Lemma rcomp_partial_id_subl d d' : partial_id d' -> rcomp d d' \subset d.
Proof.
by move/partial_idP => dd'; apply/subsetP => -[x y] /rcompP[z [xz /dd' <-]].
Qed.

Lemma rcomp_rinv_sub f g : pbij g -> f \subset g -> rcomp (rcomp f (rinv f)) g = f.
Proof.
move=> [g1 g2] /subsetP fg; apply/setP => -[x y]; apply/idP/idP.
  case/rcompP => q [/rcompP[p [xp]]]; rewrite rinvE => qp qy.
  rewrite -(g2 _ _ _ (fg _ xp) (fg _ qp)) in qy.
  by rewrite -(g1 _ _ _ (fg _ xp) qy).
move=> xy; apply/rcompP; exists x; split; last exact: fg.
by apply/rcompP; exists y; rewrite rinvE.
Qed.

Lemma card_partial_id_dom d g : partial_id d ->
  (forall x, (x, x) \in d -> exists y, (x, y) \in g) -> #|d| <= #|g|.
Proof.
move=> /partial_idP dd dg.
have -> : #|d| = #|[set p.1 | p in d]|.
  by apply/esym/card_in_imset => -[x y] [x' y'] /dd /= <- /dd /= <- /= ->.
apply: leq_trans (leq_imset_card (fun p : V * V => p.1) g).
apply: subset_leq_card; apply/subsetP => _ /imsetP[[x y] xy ->].
have [z xz] : exists z, (x, z) \in g by apply: dg; rewrite {2}(dd _ _ xy).
by apply/imsetP; exists (x, z).
Qed.

End PartialBijections.
Record pbij_embedding (T V : finType) (S : {set T}) (mul : T -> T -> T)
    (D : {set V}) (r : T -> {set V * V}) (atom : V -> V -> T) : Prop := {
  emb_mul_closed a b : a \in S -> b \in S -> mul a b \in S;
  emb_morph a b : a \in S -> b \in S -> r (mul a b) = rcomp (r a) (r b);
  emb_inj a b : a \in S -> b \in S -> r a = r b -> a = b;
  emb_pbij a : a \in S -> pbij (r a);
  emb_rinv a : a \in S -> exists2 t, t \in S & r t = rinv (r a);
  emb_sub a : a \in S -> r a \subset setX D D;
  emb_atom_in A B : A \in D -> B \in D -> atom A B \in S;
  emb_atom A B : A \in D -> B \in D -> r (atom A B) = [set (A, B)]
}.
(* With the notation of the context, $$\|\mathrm T^{{\rm b},m}\|^2_{kk_1\to k_2k_3}\lesssim(N_2\wedge N_3)^{2-\alpha}N_1^{2-\alpha},\qquad \|\mathrm T^{{\rm b},m}\|^2_{kk_3\to k_1k_2}\lesssim(N_1\wedge N_2)^{2-\alpha}N_3^{2-\alpha},$$ $$\|\mathrm T^{{\rm b},m}\|^2_{kk_2\to k_1k_3}\lesssim(N_1\wedge N_3)^{1-\frac\alpha2}(N\wedge N_2)^{1-\frac\alpha2}.$$
   Context: Fix $\alpha\in(1,2)$, dyadic numbers $1\le N_1,N_2,N_3\le N$, a real number $m$ and a constant $C_0>0$. Let $S$ be the set of $(k,k_1,k_2,k_3)\in\mathbb Z^4$ with $k=k_1-k_2+k_3$, $k_2\notin\{k_1,k_3\}$, $\big||k_1|^\alpha-|k_2|^\alpha+|k_3|^\alpha-|k|^\alpha-m\big|\le C_0$, $|k|\le N$ and $|k_j|\le N_j$ for $j=1,2,3$. The base tensor is $\mathrm T^{{\rm b},m}_{kk_1k_2k_3}=\mathbf 1_S(k,k_1,k_2,k_3)$. For a tensor $H=H_{k_A}$ indexed by $k_A=(k_j)_{j\in A}\in\mathbb Z^A$ and a partition $(B,C)$ of $A$, $\|H\|_{k_B\to k_C}^2=\sup\{\sum_{k_C}|\sum_{k_B}H_{k_A}z_{k_B}|^2:\sum_{k_B}|z_{k_B}|^2=1\}$ (the $\ell^2_{k_B}\to\ell^2_{k_C}$ operator norm; for $C=\emptyset$ it is the $\ell^2_{k_A}$ norm). $a\wedge b=\min(a,b)$. $A\lesssim B$ means $A\le CB$ with $C$ depending only on $\alpha$ and $C_0$. *)

From Stdlib Require Import Reals ZArith List.
From Coquelicot Require Import Coquelicot.
Open Scope R_scope.

(* x^a for x >= 0, with the convention 0^a = 0 (Stdlib's Rpower 0 a = 1). *)
Definition rpow (x a : R) : R :=
  if Rlt_dec 0 x then Rpower x a else 0.

Definition zbox (M : nat) : list Z :=
  map (fun i => (Z.of_nat i - Z.of_nat M)%Z) (seq 0 (2 * M + 1)).

Definition zsum (l : list Z) (f : Z -> R) : R :=
  fold_right (fun x acc => f x + acc) 0 l.
Definition csum (l : list Z) (f : Z -> C) : C :=
  fold_right (fun x acc => Cplus (f x) acc) (RtoC 0) l.

Definition Tb (alpha C0 m : R) (N N1 N2 N3 : nat) (k k1 k2 k3 : Z) : R :=
  if Z.eq_dec k (k1 - k2 + k3)%Z then
  if Z.eq_dec k2 k1 then 0 else
  if Z.eq_dec k2 k3 then 0 else
  if Rle_dec (Rabs (rpow (IZR (Z.abs k1)) alpha - rpow (IZR (Z.abs k2)) alpha
                    + rpow (IZR (Z.abs k3)) alpha - rpow (IZR (Z.abs k)) alpha - m)) C0 then
  if Z_le_dec (Z.abs k) (Z.of_nat N) then
  if Z_le_dec (Z.abs k1) (Z.of_nat N1) then
  if Z_le_dec (Z.abs k2) (Z.of_nat N2) then
  if Z_le_dec (Z.abs k3) (Z.of_nat N3) then 1 else 0 else 0 else 0 else 0
  else 0 else 0.

(* For a 4-index tensor H written as H b1 b2 c1 c2, and lists Lb1 Lb2 Lc1 Lc2
   containing its support in each index:
   opQ z = sum_{c1,c2} | sum_{b1,b2} H b1 b2 c1 c2 z(b1,b2) |^2. *)
Definition opQ (H : Z -> Z -> Z -> Z -> R) (Lb1 Lb2 Lc1 Lc2 : list Z)
  (z : Z -> Z -> C) : R :=
  zsum Lc1 (fun c1 => zsum Lc2 (fun c2 =>
    (Cmod (csum Lb1 (fun b1 => csum Lb2 (fun b2 =>
        Cmult (RtoC (H b1 b2 c1 c2)) (z b1 b2))))) ^ 2)).

(* ||H||^2_{b1 b2 -> c1 c2} <= X, i.e. the supremum over (complex) z with
   ||z||_{l^2} = 1 of opQ z is at most X.  Only the values of z on the support
   box matter, so we quantify over z whose l^2 norm on the box is <= 1. *)
Definition opnorm2_le (H : Z -> Z -> Z -> Z -> R) (Lb1 Lb2 Lc1 Lc2 : list Z)
  (X : R) : Prop :=
  forall z : Z -> Z -> C,
    zsum Lb1 (fun b1 => zsum Lb2 (fun b2 => (Cmod (z b1 b2)) ^ 2)) <= 1 ->
    opQ H Lb1 Lb2 Lc1 Lc2 z <= X.
Lemma peirce_mul0 i j k x y :
  j != k -> in_peirce i j x -> in_peirce k i y -> x ⋆ y = 0.
Proof.
move=> neq_jk x_ij y_ki; have [[ey _] [eyx _]] := (y_ki, peirce_mul y_ki x_ij).
have := assoc3_cycle x e y.
rewrite (assoc3_peirce x_ij y_ki) /Defs.assoc3 ey eyx bmulMnl subrr.
case: j k neq_jk {x_ij y_ki ey eyx} => -[] //= _; rewrite ?subr0 ?sub0r //.
by move/eqP; rewrite oppr_eq0 => /eqP.
Qed.

Lemma peirce_commute i j x y :
  i != j -> in_peirce i i x -> in_peirce j j y -> x ⋆ y = y ⋆ x.
Proof.
move=> neq_ij x_ii y_jj; have [[ey _] [ex _]] := (y_jj, x_ii).
have := assoc3_cycle x e y.
rewrite (assoc3_peirce x_ii y_jj) /Defs.assoc3 mul_e_mul (assoc3_peirce y_jj x_ii).
rewrite ey bmulMnl opprD addrA subrr add0r opprB.
by case: i j neq_ij {x_ii y_jj ey ex} => -[] //= _; rewrite ?subr0 ?sub0r // => /oppr_inj.
Qed.

Lemma lie_diag_offdiag i a d x :
  in_peirce true true a -> in_peirce false false d -> in_peirce i (~~ i) x ->
  in_peirce i (~~ i) (lie (a + d) x).
Proof.
move=> a11 d22; rewrite /Defs.lie bmulDl bmulDr opprD addrACA.
case: i => x_i.
  rewrite (peirce_mul0 _ d22 x_i) // (peirce_mul0 _ x_i a11) // subr0 sub0r.
  exact: in_peirceD (peirce_mul a11 x_i) (in_peirceN (peirce_mul x_i d22)).
rewrite (peirce_mul0 _ a11 x_i) // (peirce_mul0 _ x_i d22) // sub0r subr0.
exact: in_peirceD (in_peirceN (peirce_mul x_i a11)) (peirce_mul d22 x_i).
Qed.

Lemma peirce_offdiag_sum_eq0 b c :
  in_peirce true false b -> in_peirce false true c -> b + c = 0 -> b = 0 /\ c = 0.
Proof.
move=> [eb _] [ec _] bc0; suff b0 : b = 0 by split; last by rewrite -bc0 b0 add0r.
by have := congr1 (mul e) bc0; rewrite bmulDr eb ec bmul0r addr0.
Qed.

Local Notation ade := (lie^~ e).

Lemma lie_peirce_e i j x : in_peirce i j x -> lie x e = x *+ j - x *+ i.
Proof. by move=> [ex xe]; rewrite /Defs.lie ex xe. Qed.

Lemma iter_adeD m x y : iter m ade (x + y) = iter m ade x + iter m ade y.
Proof. by elim: m => //= m ->; rewrite lieDl. Qed.

Lemma iter_adeN m x : iter m ade (- x) = - iter m ade x.
Proof. by elim: m => //= m ->; rewrite lieNl. Qed.

Lemma iter_ade0 m : iter m ade 0 = 0.
Proof. by elim: m => //= m ->; rewrite lie0l. Qed.

Lemma iter_ade_peirce m i j x : in_peirce i j x -> in_peirce i j (iter m ade x).
Proof.
move=> x_ij; elim: m => [|m IHm] //=; rewrite (lie_peirce_e IHm).
by apply: in_peirceD; [|apply: in_peirceN]; apply: in_peirceMn.
Qed.

Lemma iter_ade_diag m i x : in_peirce i i x -> iter m.+1 ade x = 0.
Proof. by move=> x_ii; rewrite iterSr (lie_peirce_e x_ii) subrr iter_ade0. Qed.

Lemma ade_offdiag i x : in_peirce i (~~ i) x -> lie x e = if i then - x else x.
Proof. by move/lie_peirce_e => ->; case: i; rewrite ?mulr1n ?mulr0n ?sub0r ?subr0. Qed.

Lemma ade_involutive i x : in_peirce i (~~ i) x -> lie (lie x e) e = x.
Proof.
move=> x_i; rewrite (ade_offdiag x_i).
by case: i x_i => x_i /=; rewrite ?lieNl (ade_offdiag x_i) ?opprK.
Qed.

Lemma iter_ade_double m i x : in_peirce i (~~ i) x -> iter m.*2 ade x = x.
Proof. by move=> x_i; elim: m => //= m IHm; rewrite IHm (ade_involutive x_i). Qed.

Lemma iter_ade_offdiag_eq0 m i x : in_peirce i (~~ i) x -> iter m ade x = 0 -> x = 0.
Proof. by move=> x_i x0; rewrite -(iter_ade_double m x_i) -addnn iterD x0 iter_ade0. Qed.

Section LieTypeDerivation.
Variables (D : R -> R) (k : nat).
Hypothesis D_lie : lie_n_derivation mul k.+3 D.
Hypothesis central_of_lie_offdiag : forall (i : bool) a d,
  in_peirce true true a -> in_peirce false false d ->
  (forall x, in_peirce i (~~ i) x -> lie (a + d) x = 0) -> central mul (a + d).

Definition lie_e y v := lie_poly k.+2 (fwith 0%N y (fwith 1%N v (fun=> e))).

Let D0 : D 0 = 0 := lie_derivation0 D_lie isT.

Lemma lie_eE y v : lie_e y v = iter k.+1 ade (lie y v).
Proof. by rewrite /lie_e; elim: k.+1 => //= m ->. Qed.

Lemma lie_eDl a b v : lie_e (a + b) v = lie_e a v + lie_e b v.
Proof. by rewrite !lie_eE lieDl iter_adeD. Qed.

Lemma lie_eDr a b y : lie_e y (a + b) = lie_e y a + lie_e y b.
Proof. by rewrite !lie_eE lieDr iter_adeD. Qed.

Lemma lie_e0l v : lie_e 0 v = 0.
Proof. by rewrite lie_eE lie0l iter_ade0. Qed.

Lemma lie_eC y v : lie_e v y = - lie_e y v.
Proof. by rewrite !lie_eE lieC iter_adeN. Qed.

Lemma lie_eNl y v : lie_e (- y) v = - lie_e y v.
Proof. by rewrite !lie_eE lieNl iter_adeN. Qed.

Lemma lie_e_centrall z v : central mul z -> lie_e z v = 0.
Proof. by move=> z_central; rewrite lie_eE z_central iter_ade0. Qed.

Lemma lie_e_centralr z y : central mul z -> lie_e y z = 0.
Proof. by move=> z_central; rewrite lie_eC lie_e_centrall ?oppr0. Qed.

Lemma lie_e_e y : lie_e y e = iter k.+2 ade y.
Proof. by rewrite lie_eE [RHS]iterSr. Qed.

Lemma lie_e_peirce i j y v : in_peirce i j (lie y v) -> in_peirce i j (lie_e y v).
Proof. by rewrite lie_eE; apply: iter_ade_peirce. Qed.

Lemma lie_e_diag_e i a : in_peirce i i a -> lie_e a e = 0.
Proof. by move=> a_ii; rewrite lie_e_e (iter_ade_diag _ a_ii). Qed.

Lemma lie_e_offdiag i x y : in_peirce i (~~ i) x -> in_peirce (~~ i) i y -> lie_e x y = 0.
Proof.
move=> x_i y_i; rewrite lie_eE /Defs.lie iter_adeD iter_adeN.
by rewrite (iter_ade_diag _ (peirce_mul x_i y_i)) (iter_ade_diag _ (peirce_mul y_i x_i)) subrr.
Qed.

Lemma D_lie_eDl a b v :
  D (lie_e (a + b) v) = D (lie_e a v) + D (lie_e b v) + lie_e (defect D a b) v.
Proof. exact: (lie_derivation_defect D_lie _ _ _ (ltn0Sn _)). Qed.

Lemma D_lie_eDr a b y :
  D (lie_e y (a + b)) = D (lie_e y a) + D (lie_e y b) + lie_e y (defect D a b).
Proof.
have swap w : fwith 0%N y (fwith 1%N w (fun=> e)) =1 fwith 1%N w (fwith 0%N y (fun=> e)).
  by move=> l /=; case: l => [|[|l]].
rewrite /lie_e !(eq_lie_poly _ (swap _)).
exact: (lie_derivation_defect D_lie _ _ _ (isT : 1 < k.+3)%N).
Qed.

Lemma lie_e_defect a b v : lie_e (defect D a b) v = defect D (lie_e a v) (lie_e b v).
Proof.
apply: (@addrI _ (D (lie_e a v) + D (lie_e b v))).
by rewrite -D_lie_eDl lie_eDl -defectE.
Qed.

Lemma lie_e_defect_eq0 a b v :
  lie_e a v = 0 \/ lie_e b v = 0 -> lie_e (defect D a b) v = 0.
Proof. by rewrite lie_e_defect => -[->|->]; rewrite ?defect0l ?defect0r. Qed.

Lemma lie_e_sum_defect s v :
  lie_e (sum_defect D s) v = sum_defect D [seq lie_e x v | x <- s].
Proof.
have lie_e_sum t : lie_e (\sum_(x <- t) x) v = \sum_(x <- t) lie_e x v.
  by elim: t => [|x t IHt]; rewrite ?big_nil ?big_cons ?lie_e0l // lie_eDl IHt.
elim: s => [|x s IHs]; first by rewrite /sum_defect !big_nil D0 subr0 lie_e0l.
by rewrite /= !sum_defect_cons lie_eDl IHs lie_e_defect lie_e_sum big_map.
Qed.

Lemma central_of_lie_e i z :
  lie_e z e = 0 -> (forall x, in_peirce i (~~ i) x -> lie_e z x = 0) -> central mul z.
Proof.
have [a [b [c [d [a11 b12 c21 d22 ->]]]]] := peirce_decomp z.
rewrite lie_e_e !iter_adeD (iter_ade_diag _ a11) (iter_ade_diag _ d22) add0r addr0.
move=> /(peirce_offdiag_sum_eq0 (iter_ade_peirce _ b12) (iter_ade_peirce _ c21)).
move=> [/(iter_ade_offdiag_eq0 b12) -> /(iter_ade_offdiag_eq0 c21) ->].
rewrite !addr0 => lie_e_ad0; apply: (central_of_lie_offdiag (i := i) a11 d22) => x x_i.
apply: (iter_ade_offdiag_eq0 (m := k.+1) (lie_diag_offdiag a11 d22 x_i)).
by rewrite -lie_eE lie_e_ad0.
Qed.

Lemma central_defect i a b :
  lie_e a e = 0 \/ lie_e b e = 0 ->
  (forall x, in_peirce i (~~ i) x -> lie_e a x = 0 \/ lie_e b x = 0) ->
  central mul (defect D a b).
Proof.
move=> ab_e ab_x; apply: (central_of_lie_e (i := i)); first exact: lie_e_defect_eq0.
by move=> x /ab_x /lie_e_defect_eq0.
Qed.

Lemma D_lie_e_additive x1 x2 y1 y2 :
  central mul (defect D x1 x2) -> central mul (defect D y1 y2) ->
  D (lie_e (x1 + x2) (y1 + y2)) =
  D (lie_e x1 y1) + D (lie_e x1 y2) + D (lie_e x2 y1) + D (lie_e x2 y2).
Proof.
move=> x_central y_central.
rewrite D_lie_eDl (lie_e_centrall _ x_central) !D_lie_eDr !(lie_e_centralr _ y_central).
by rewrite !addr0 addrA.
Qed.

Lemma D_add_offdiag b c :
  in_peirce true false b -> in_peirce false true c -> D (b + c) = D b + D c.
Proof.
(* Bracketing with e is an involution on R_12 and R_21, so b = p(b', e) and c = p(e, c'). *)
move=> b12 c21; pose b' := iter k.+2 ade b; pose c' := - iter k.+2 ade c.
have b'12 : in_peirce true false b' := iter_ade_peirce _ b12.
have c'21 : in_peirce false true c' := in_peirceN (iter_ade_peirce _ c21).
have e11 : in_peirce true true e by split; rewrite e_idem.
have eb'_central : central mul (defect D e b').
  apply: (central_defect (i := false)); first by left; apply: lie_e_diag_e e11.
  by move=> x x21; right; apply: lie_e_offdiag b'12 x21.
have ec'_central : central mul (defect D e c').
  apply: (central_defect (i := true)); first by left; apply: lie_e_diag_e e11.
  by move=> x x12; right; apply: lie_e_offdiag c'21 x12.
have ee0 : lie_e e e = 0 := lie_e_diag_e e11.
have ec' : lie_e e c' = c.
  by rewrite lie_eC lie_eNl opprK lie_e_e -iterD addnn (iter_ade_double _ c21).
have b'e : lie_e b' e = b by rewrite lie_e_e -iterD addnn (iter_ade_double _ b12).
have b'c' : lie_e b' c' = 0 := lie_e_offdiag b'12 c'21.
have := D_lie_e_additive eb'_central ec'_central.
rewrite lie_eDl !lie_eDr ee0 ec' b'e b'c' D0 add0r !addr0 add0r addrC => ->.
exact: addrC.
Qed.
Lemma is_quadformD h h' : is_quadform h -> is_quadform h' -> is_quadform (h + h').
Proof.
move=> [d [O [Osym Odiag ->]]] [d' [O' [Osym' Odiag' ->]]].
exists (fun i => d i + d' i), (fun i j => O i j + O' i j); split.
- by move=> i j; rewrite Osym Osym'.
- by move=> i; rewrite Odiag Odiag' addr0.
rewrite addrACA; congr (_ + _).
  by rewrite /diagq -big_split; apply: eq_bigr => i _; rewrite scalerDl.
rewrite /offq -big_split; apply: eq_bigr => i _.
by rewrite -big_split; apply: eq_bigr => j _; rewrite scalerDl.
Qed.

Lemma is_quadformZX c a b : is_quadform (c *: ('X_a * 'X_b)).
Proof.
have [<-|ab] := eqVneq a b.
  exists (fun i => c * kron R i a), (fun _ _ => 0); split => //.
  rewrite /diagq sum_scale_kron expr2 /offq big1 ?addr0 // => i _.
  by rewrite big1 // => j _; rewrite scale0r.
exists (fun _ => 0),
  (fun i j => c / 2%:R * (kron R i a * kron R j b + kron R i b * kron R j a)); split.
- by move=> i j; ring.
- move=> i; have [->|ia] := eqVneq i a; first by rewrite (kron_neq R ab) kronxx; ring.
  by rewrite (kron_neq R ia); ring.
rewrite /diagq /offq big1 ?add0r => [|i _]; last by rewrite scale0r.
under eq_bigr => i _ do under eq_bigr => j _ do rewrite mulrDr scalerDl !mulrA.
under eq_bigr => i _ do rewrite big_split /= !sum_scale_kron.
rewrite big_split /= (sum_scale_kron (fun i => 'X_i * 'X_b) (fun _ => c / 2%:R)).
rewrite (sum_scale_kron (fun i => 'X_i * 'X_a) (fun _ => c / 2%:R)) mulrC -scalerDl.
by congr (_ *: _); field; rewrite ?pnatr_eq0.
Qed.

Lemma is_quadform_homog2 (h : MP) : h \is 2.-homog -> is_quadform h.
Proof.
move=> /dhomogP h2; rewrite [h]mpolyE.
elim: (msupp h) h2 => [|m s IHs] h2; first by rewrite big_nil; exact: is_quadform0.
rewrite big_cons; apply: is_quadformD.
  have [a [b ->]] := mdeg2P (h2 m (mem_head _ _)).
  by rewrite mpolyXD; exact: is_quadformZX.
by apply: IHs => m' m's; apply: h2; rewrite inE m's orbT.
Qed.

End QuadraticForms.

Section SumsOfSquares.
Variables (R : realFieldType) (n : nat).
Local Notation MP := {mpoly R[n]}.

════════════════════

▸ Exercise:
Pull each line containing "iterD" from the records.

▸ Your solution:
Proof. by move=> x_i x0; rewrite -(iter_ade_double m x_i) -addnn iterD x0 iter_ade0. Qed.
  by rewrite lie_eC lie_eNl opprK lie_e_e -iterD addnn (iter_ade_double _ c21).
have b'e : lie_e b' e = b by rewrite lie_e_e -iterD addnn (iter_ade_double _ b12).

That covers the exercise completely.